Is this sidewalk a space for free speech or a battleground? Only time will tell. Image via.

Hello readers! I hope that, despite Punxsutawney Phil’s prediction of six more weeks of winter, you’re keeping warm and reading up on Supreme Court news. I’m here this week to discuss a subject that is near and dear to my heart: women’s reproductive health. Two events took place at the Supreme Court in January that hold significance for the women’s reproductive rights movement, and there is more discord on the horizon, as the Supreme Court hears Sebelius v. Hobby Lobby Stores, Inc. and Conestoga Wood Specialties Corp. v. Sebelius in March. (For my preview of those cases, see here.)

The first issue arose right as 2013 became 2014, when Justice Sonia Sotomayor “temporarily blocked the Obama administration from forcing some religiously affiliated groups to provide health insurance coverage of birth control or face penalties as part of the Affordable Care Act” (from the New York Times). The “contraception mandate” of the Affordable Care Act dictates that all employers must provide their employees with health care insurance coverage for contraception, which includes birth control pills. A group of nuns in Colorado filed an order requesting that the contraception mandate be stayed by a court so that the nuns’ religiously affiliated group, the Little Sisters of the Poor Home for the Aged, would not have to violate its religious beliefs and provide contraception coverage to its employees (from the New York Times).

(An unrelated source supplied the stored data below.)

(* Let $B(X)\in\mathbb Z[X]$ be monic and irreducible, and suppose $B$ has a non-real root $\beta$ such that every root of $B$ other than $\beta$ and $\overline\beta$ has absolute value strictly less than $|\beta|$. Let $\alpha\in\mathbb Z$ with $|\alpha|>1$, and suppose there are coprime positive integers $p,q$ with $\alpha^{2p}=(\beta\overline\beta)^q$. Then $B(X)=X^2+aX+N$ for some $a\in\mathbb Z$ and positive integer $N$ with $a^2-4N<0$, and there is an integer $b>1$ with $N=b^p$ and $|\alpha|=b^{q/2}$; in particular, if $b$ is not a perfect square then $q$ is even. *)

From HB Require Import structures.
From mathcomp Require Export all_boot all_order all_algebra all_field.
Set Implicit Arguments. Unset Strict Implicit. Unset Printing Implicit Defensive.

From mathcomp Require Import all_boot all_order all_algebra all_field.
From mathcomp Require Import ring polyorder.
Import Order.TTheory GRing.Theory Num.Theory.
Set Implicit Arguments. Unset Strict Implicit. Unset Printing Implicit Defensive.
Local Open Scope ring_scope.

(* Write B_C for B viewed as a complex polynomial.
   1. B is irreducible over Q (Gauss), hence the minimal polynomial of each of
      its complex roots: a rational polynomial vanishing at one root of B
      vanishes at all of them, and B is separable.
   2. The rational polynomial H(X) = Res_Y(B(Y), X^q Y^q - alpha^(2p)) vanishes
      at x <> 0 iff (x y)^q = alpha^(2p) for some root y of B.  H vanishes at
      beta (take y = conj beta), so by step 1 at every root g of B: then
      |g| |y| = |beta|^2 for a root y, and the dominance of |beta| forces
      g = beta or g = conj beta.
   3. Being separable with exactly these two roots, B_C = (X - beta)(X - conj beta),
      so B = X^2 + aX + N with a = -(beta + conj beta), N = |beta|^2, and the
      discriminant is -|beta - conj beta|^2 < 0.
   4. Arithmetic: N^q = (alpha^2)^p with p, q coprime gives b with N = b^p and
      alpha^2 = b^q; if q is odd, then b^q = |alpha|^2 with 2, q coprime makes
      b a square. *)

Lemma map_poly_ratr_int (u : {poly int}) :
  map_poly ratr (map_poly (intr : int -> rat) u) = map_poly intr u :> {poly algC}.
Proof. by rewrite -map_poly_comp; apply: eq_map_poly => c /=; rewrite ratr_int. Qed.

(* An irreducible rational polynomial divides every rational polynomial that
   shares one of its complex roots (it is the minimal polynomial of that root). *)
Lemma irreducible_rat_dvdp (P r : {poly rat}) (x : algC) :
  irreducible_poly P -> root (map_poly ratr P) x -> root (map_poly ratr r) x ->
  P %| r.
Proof.
move=> irrP rootP rootr.
have [m [Dm _] min_m] := minCpolyP x.
have m_size : size m != 1.
  by have := size_minCpoly x; rewrite Dm size_map_poly; case: ltngtP.
have /irrP m_eqp : m %| P by rewrite -min_m.
by rewrite -(eqp_dvdl _ (m_eqp m_size)) -min_m.
Qed.

(* Rational relations satisfied by one root of an irreducible polynomial are
   satisfied by all its roots; this replaces Galois conjugation. *)
Lemma irreducible_rat_root_transfer (P r : {poly rat}) (x y : algC) :
  irreducible_poly P -> root (map_poly ratr P) x -> root (map_poly ratr P) y ->
  root (map_poly ratr r) x -> root (map_poly ratr r) y.
Proof.
move=> irrP Px Py rx; have := irreducible_rat_dvdp irrP Px rx.
by rewrite -(dvdp_map (ratr : {rmorphism rat -> algC})) => /root_dvdp; apply.
Qed.

(* In characteristic 0 an irreducible polynomial is separable: its gcd with
   its (nonzero, smaller) derivative cannot be the polynomial itself. *)
Lemma irreducible_rat_separable (P : {poly rat}) :
  irreducible_poly P -> separable_poly P.
Proof.
move=> irrP; rewrite unlock /coprimep.
have P_gt1 : (1 < size P)%N := irrP.1.
have dP_size : size P^`() = (size P).-1 := size_deriv P.
have [g_eqp1 | g_eqpP] := irredp_XsubCP irrP (dvdp_gcdl P P^`()).
  by rewrite (eqp_size g_eqp1) size_poly1.
have P_dvd_dP : P %| P^`() by rewrite -(eqp_dvdl _ g_eqpP) dvdp_gcdr.
have dP_neq0 : P^`() != 0 by rewrite -size_poly_gt0 dP_size -subn1 subn_gt0.
by have := dvdp_leq dP_neq0 P_dvd_dP; rewrite dP_size leqNgt ltn_predL (ltnW P_gt1).
Qed.

(* Res_Y(P(Y), X^q Y^q - A), a rational polynomial in X. *)
Definition pow_resultant (P : {poly rat}) (A : rat) (q : nat) : {poly rat} :=
  resultant (map_poly polyC P) (('X^q : {poly rat}) *: 'X^q - (A%:P)%:P).

(* Away from 0, the roots of pow_resultant P A q are the x such that x y is a
   q-th root of A for some root y of P: the resultant of the specialisations
   at x vanishes iff they have a common root. *)
Lemma root_pow_resultant (P : {poly rat}) (A : rat) (q : nat) (x : algC) :
  (0 < q)%N -> x != 0 -> P \is monic ->
  root (map_poly ratr (pow_resultant P A q)) x <->
  exists2 y, root (map_poly ratr P) y & (x * y) ^+ q = ratr A.
Proof.
move=> q_gt0 x_neq0 monP.
pose evx : {rmorphism {poly rat} -> algC} := horner_eval x \o map_poly ratr.
have evxE u : evx u = (map_poly ratr u).[x] by [].
pose Q : {poly {poly rat}} := ('X^q : {poly rat}) *: 'X^q - (A%:P)%:P.
have lead_Q : lead_coef Q = 'X^q.
  rewrite lead_coefDl ?lead_coefZ ?lead_coefXn ?mulr1 //.
  rewrite size_opp size_scale ?monic_neq0 ?monicXn // size_polyC.
  by rewrite (leq_ltn_trans (leq_b1 _)) // size_polyXn.
have evx_P : map_poly evx (map_poly polyC P) = map_poly ratr P.
  rewrite -map_poly_comp; apply: eq_map_poly => c /=.
  by rewrite horner_evalE map_polyC hornerC.
have evx_Q : map_poly evx Q = (x ^+ q) *: 'X^q - (ratr A)%:P.
  by rewrite rmorphB /= map_polyZ map_polyXn map_polyC /= !horner_evalE
     map_polyC map_polyXn hornerC hornerXn.
rewrite -[root _ x]/(evx (pow_resultant P A q) == 0) map_resultant; last 2 first.
- rewrite lead_coef_map_eq (monicP monP) ?evxE ?map_polyC ?hornerC ?rmorph1 ?oner_eq0 //.
  by rewrite fmorph_eq0 oner_eq0.
- by rewrite lead_Q evxE map_polyXn hornerXn expf_neq0.
rewrite evx_P evx_Q resultant_eq0.
have common_root y : root (gcdp (map_poly ratr P) (x ^+ q *: 'X^q - (ratr A)%:P)) y =
    root (map_poly ratr P) y && ((x * y) ^+ q == ratr A).
  by rewrite root_gcd /root !hornerE exprMn subr_eq0.
split=> [/gtn_eqF/closed_rootP[y] | [y Py xy_q]].
  by rewrite common_root => /andP[Py /eqP]; exists y.
apply: (@root_size_gt1 _ y); last by rewrite common_root Py xy_q eqxx.
by rewrite gcdp_eq0 negb_and map_poly_eq0 monic_neq0.
Qed.

Lemma root_conjC_int (B : {poly int}) (z : algC) :
  root (map_poly intr B) z -> root (map_poly intr B) z^*.
Proof.
have conj_B : map_poly Num.Def.conjC (map_poly intr B) = map_poly intr B :> {poly algC}.
  by rewrite -map_poly_comp; apply: eq_map_poly => c /=; rewrite rmorph_int.
by rewrite -{2}conj_B fmorph_root.
Qed.

Lemma dominant_roots_conj_pair (B : {poly int}) (beta : algC) (q : nat) :
  B \is monic -> irreducible_poly B -> root (map_poly intr B) beta ->
  beta != 0 -> (0 < q)%N -> (beta * beta^*) ^+ q \in Crat ->
  (forall z : algC, root (map_poly intr B) z -> z != beta -> z != beta^* ->
     `|z| < `|beta|) ->
  forall g : algC, root (map_poly intr B) g -> (g == beta) || (g == beta^*).
Proof.
move=> monB irrB Bbeta beta_neq0 q_gt0 /CratP[A DA] dominant g Bg.
pose Bq := map_poly (intr : int -> rat) B.
have BqC : map_poly ratr Bq = map_poly intr B := map_poly_ratr_int B.
have irrBq : irreducible_poly Bq by apply/irreducible_rat_int.
have monBq : Bq \is monic.
  by rewrite monicE lead_coef_map_eq (monicP monB) ?rmorph1 ?oner_eq0.
have g_neq0 : g != 0.
  apply: contra_neq beta_neq0 => g0; apply/eqP; rewrite -(rootX (R := algC)).
  rewrite -(map_polyX (ratr : {rmorphism rat -> algC})).
  apply: (irreducible_rat_root_transfer irrBq (x := g)); rewrite ?BqC //.
  by rewrite map_polyX rootX g0.
have beta_res : root (map_poly ratr (pow_resultant Bq A q)) beta.
  apply/(root_pow_resultant A q_gt0 beta_neq0 monBq).
  by exists beta^*; rewrite ?BqC ?root_conjC_int.
have /(root_pow_resultant A q_gt0 g_neq0 monBq)[d Bd gd_q] :
    root (map_poly ratr (pow_resultant Bq A q)) g.
  by apply: (irreducible_rat_root_transfer irrBq _ _ beta_res); rewrite BqC.
rewrite BqC in Bd.
have bounded z : root (map_poly intr B) z -> `|z| <= `|beta|.
  move=> Bz; have [-> // | z_neq] := eqVneq z beta.
  have [-> | z_neq'] := eqVneq z beta^*; first by rewrite norm_conjC.
  exact/ltW/dominant.
have norm_gd : `|g| * `|d| = `|beta| * `|beta|.
  have : `|g * d| = `|beta * beta^*|.
    by apply: (pexpIrn q_gt0); rewrite ?nnegrE // -!normrX gd_q DA.
  by rewrite !normrM norm_conjC.
apply/contraT; rewrite negb_or => /andP[g_neq g_neq'].
have beta_gt0 : 0 < `|beta| by rewrite normr_gt0.
have /lt_eqF/negbT/eqP[] : `|g| * `|d| < `|beta| * `|beta|.
  apply: (le_lt_trans (y := `|g| * `|beta|)); first by rewrite ler_wpM2l ?bounded.
  by rewrite ltr_pM2r ?dominant.
exact: norm_gd.
Qed.

Lemma separable_two_roots (F : closedFieldType) (P : {poly F}) (x y : F) :
  P \is monic -> separable_poly P -> x != y ->
  (forall z, root P z = (z == x) || (z == y)) ->
  P = ('X - x%:P) * ('X - y%:P).
Proof.
move=> monP sepP xy rootP.
have [rs DP] := closed_field_poly_normal P.
rewrite (monicP monP) scale1r in DP.
have uniq_rs : uniq rs by rewrite -separable_prod_XsubC -DP.
have perm_rs : perm_eq rs [:: x; y].
  apply: uniq_perm; rewrite /= ?inE ?xy // => z.
  by rewrite -root_prod_XsubC -DP rootP !inE.
by rewrite DP (perm_big _ perm_rs) !big_cons big_nil /= mulr1.
Qed.

Lemma quadratic_coef (R : nzRingType) (u v : R) :
  ('X^2 + u%:P * 'X + v%:P)`_1 = u /\ ('X^2 + u%:P * 'X + v%:P)`_0 = v.
Proof. by rewrite !coefD !coefXn !coefCM !coefX !coefC /= mulr1 mulr0 !add0r !addr0. Qed.

Lemma int_quadratic_roots (B : {poly int}) (x y : algC) :
  map_poly intr B = ('X - x%:P) * ('X - y%:P) ->
  [/\ B = 'X^2 + (B`_1)%:P * 'X + (B`_0)%:P,
      (B`_1)%:~R = - (x + y) & (B`_0)%:~R = x * y].
Proof.
move=> DB.
have expand : ('X - x%:P) * ('X - y%:P) = 'X^2 + (- (x + y))%:P * 'X + (x * y)%:P.
  by rewrite rmorphN rmorphD rmorphM /=; ring.
have [coef1 coef0] := quadratic_coef (- (x + y)) (x * y).
have Dcoef i : (B`_i)%:~R = (map_poly intr B)`_i :> algC by rewrite coef_map.
have B1 : (B`_1)%:~R = - (x + y) by rewrite Dcoef DB expand coef1.
have B0 : (B`_0)%:~R = x * y by rewrite Dcoef DB expand coef0.
split=> //; apply: (map_inj_poly (intr_inj (R := algC))) => //.
by rewrite DB expand !rmorphD /= map_polyXn [in RHS]rmorphM /= map_polyX !map_polyC /= B1 B0.
Qed.

(* A rational root of an integer is an integer (it is an algebraic integer). *)
Lemma Crat_root_int (c : algC) (n : nat) (N : int) :
  (0 < n)%N -> c \in Crat -> c ^+ n = N%:~R -> c \in Num.int.
Proof.
move=> n_gt0 c_rat cn.
have c_root : root ('X^n - (N%:~R)%:P) c by rewrite /root !hornerE cn subrr.
apply: (Cint_rat_Aint c_rat); apply: (root_monic_Aint c_root).
  exact: monicXnsubC.
by rewrite polyOverXnsubC rpred_int.
Qed.

(* If N^q = A^p with p, q coprime and N, A > 0, then N and A are the p-th and
   q-th powers of a common integer b = A^k / N^a, where k q = 1 + a p. *)
Lemma coprime_pow_eq (N A : int) (p q : nat) :
  0 < N -> 0 < A -> (0 < p)%N -> (0 < q)%N -> coprime p q -> N ^+ q = A ^+ p ->
  exists2 b : int, 0 < b & N = b ^+ p /\ A = b ^+ q.
Proof.
move=> N_gt0 A_gt0 p_gt0 q_gt0 co_pq NA.
have [a _ /dvdnP[k bezout]] := Bezoutl p q_gt0.
rewrite gcdnC (eqP co_pq) in bezout.
pose NC : algC := N%:~R; pose AC : algC := A%:~R.
have NC_unit k' : NC ^+ k' != 0 by rewrite expf_neq0 // intr_eq0 gt_eqF.
have AC_unit k' : AC ^+ k' != 0 by rewrite expf_neq0 // intr_eq0 gt_eqF.
have NAC : NC ^+ q = AC ^+ p by rewrite -!rmorphXn /= NA.
pose b := AC ^+ k / NC ^+ a.
have A_kp : AC ^+ (k * p) = NC ^+ (a * p).+1.
  by rewrite mulnC exprM -NAC -exprM -add1n bezout mulnC.
have N_aq : NC ^+ (a * q) = AC ^+ (a * p) by rewrite mulnC exprM NAC -exprM mulnC.
have bp : b ^+ p = NC.
  by rewrite exprMn exprVn -!exprM A_kp exprS mulfK ?NC_unit.
have bq : b ^+ q = AC.
  by rewrite exprMn exprVn -!exprM N_aq -bezout exprD expr1 mulfK ?AC_unit.
have /intrP[b' Db] : b \in Num.int.
  by apply: (Crat_root_int p_gt0 _ bp); rewrite rpred_div ?rpredX ?rpred_int.
have b_gt0 : 0 < b by rewrite divr_gt0 ?exprn_gt0 ?ltr0z.
exists b'; first by rewrite -(ltr0z algC) -Db.
by split; apply: (intr_inj (R := algC)); rewrite rmorphXn /= -Db ?bp ?bq.
Qed.

Lemma pow_decomposition (alpha N : int) (p q : nat) :
  0 < N -> 1 < `|alpha| -> (0 < p)%N -> (0 < q)%N -> coprime p q ->
  alpha ^+ (2 * p) = N ^+ q ->
  exists b : int,
    [/\ 1 < b, N = b ^+ p,
        (`|alpha|%:~R : algC) = sqrtC (b%:~R) ^+ q &
        ((~ exists c : int, b = c ^+ 2) -> ~~ odd q)].
Proof.
move=> N_gt0 alpha_gt1 p_gt0 q_gt0 co_pq alphaN.
have alpha_gt0 : 0 < `|alpha| := lt_trans ltr01 alpha_gt1.
have alpha2 : alpha ^+ 2 = `|alpha| ^+ 2 by rewrite real_normK ?num_real.
have [b b_gt0 [Nb alpha_b]] : exists2 b : int, 0 < b & N = b ^+ p /\ alpha ^+ 2 = b ^+ q.
  apply: coprime_pow_eq => //; first by rewrite alpha2 exprn_gt0.
  by rewrite -alphaN exprM.
exists b; split => //.
- rewrite ltNge; apply/negP => b_le1.
  have := exprn_ile1 q (ltW b_gt0) b_le1.
  by rewrite -alpha_b alpha2 leNgt exprn_egt1.
- apply: (pexpIrn (isT : (0 < 2)%N)); rewrite ?nnegrE ?exprn_ge0 ?sqrtC_ge0 ?ler0z ?ltW //.
  by rewrite -exprM mulnC exprM sqrtCK -[in RHS]rmorphXn /= -alpha_b alpha2 rmorphXn.
- move=> not_square; apply/negP => odd_q; apply: not_square.
  have [c _ [b_c _]] : exists2 c : int, 0 < c & b = c ^+ 2 /\ `|alpha| = c ^+ q.
    by apply: coprime_pow_eq; rewrite ?coprime2n // -alpha2.
  by exists c.
Qed.

Lemma conj_discriminant (z : algC) :
  (z + z^*) ^+ 2 - 4 * (z * z^*) = - `|z - z^*| ^+ 2.
Proof. by rewrite normCK rmorphB /= conjCK; ring. Qed.

Theorem mainTheorem6 (B : {poly int}) (beta : algC) (alpha : int) (p q : nat) :
  B \is monic ->
  irreducible_poly B ->
  root (map_poly intr B) beta ->
  beta \notin Num.real ->
  (forall z : algC, root (map_poly intr B) z -> z != beta -> z != beta^* ->
     `|z| < `|beta|) ->
  1 < `|alpha| ->
  (0 < p)%N -> (0 < q)%N -> coprime p q ->
  (alpha%:~R : algC) ^+ (2 * p) = (beta * beta^*) ^+ q ->
  exists a N : int,
    [/\ 0 < N,
        B = 'X^2 + a%:P * 'X + N%:P,
        a ^+ 2 - 4 * N < 0 &
        exists b : int,
          [/\ 1 < b, N = b ^+ p,
              (`|alpha|%:~R : algC) = sqrtC (b%:~R) ^+ q &
              ((~ exists c : int, b = c ^+ 2) -> ~~ odd q)]].
Proof.
move=> monB irrB Bbeta beta_nreal dominant alpha_gt1 p_gt0 q_gt0 co_pq alpha_beta.
have beta_neq_conj : beta != beta^* by move: beta_nreal; rewrite CrealE eq_sym.
have beta_neq0 : beta != 0 by apply: contraNneq beta_nreal => ->; rewrite real0.
have norm_rat : (beta * beta^*) ^+ q \in Crat by rewrite -alpha_beta rpredX ?rpred_int.
have roots_B z : root (map_poly intr B) z = (z == beta) || (z == beta^*).
  apply/idP/idP; last by case/orP=> /eqP->; rewrite ?root_conjC_int.
  exact: (dominant_roots_conj_pair monB irrB Bbeta beta_neq0 q_gt0 norm_rat dominant).
have sepB : separable_poly (map_poly intr B : {poly algC}).
  by rewrite -map_poly_ratr_int separable_map irreducible_rat_separable ?irreducible_rat_int.
have monBC : (map_poly intr B : {poly algC}) \is monic.
  by rewrite monicE lead_coef_map_eq (monicP monB) ?rmorph1 ?oner_eq0.
have [DB a_val N_val] :=
  int_quadratic_roots (separable_two_roots monBC sepB beta_neq_conj roots_B).
have N_gt0 : 0 < B`_0 by rewrite -(ltr0z algC) N_val -normCK exprn_gt0 // normr_gt0.
exists B`_1, B`_0; split => //.
  rewrite -(ltrz0 algC) rmorphB rmorphXn rmorphM /= a_val N_val sqrrN conj_discriminant.
  by rewrite oppr_lt0 exprn_gt0 // normr_gt0 subr_eq0.
apply: pow_decomposition => //; apply: (intr_inj (R := algC)).
by rewrite !rmorphXn /= alpha_beta N_val.
Qed.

The new “Obamacare” health care system was set to go into effect on January 1, so Justice Sotomayor’s response to the nuns’ order was filed late on New Year’s Eve in order to block the law from taking effect. Specifically, “Sotomayor blocked the government from enforcing the requirement on the Denver [senior care] home until further notice from the Supreme Court” (from Politico), and her block of the mandate applies only to Little Sisters of the Poor Home for the Aged and the “more than 200 other faith-based groups that use insurance offered by the Christian Brothers Employee Benefit Trust” (from the Washington Post). As such, her stay of the mandate is not nationwide. It is important to note, though, that “most nonprofit groups that challenged the mandate ha[ve] received temporary reprieves” (from the Washington Post), indicating a larger anti-contraception-mandate trend.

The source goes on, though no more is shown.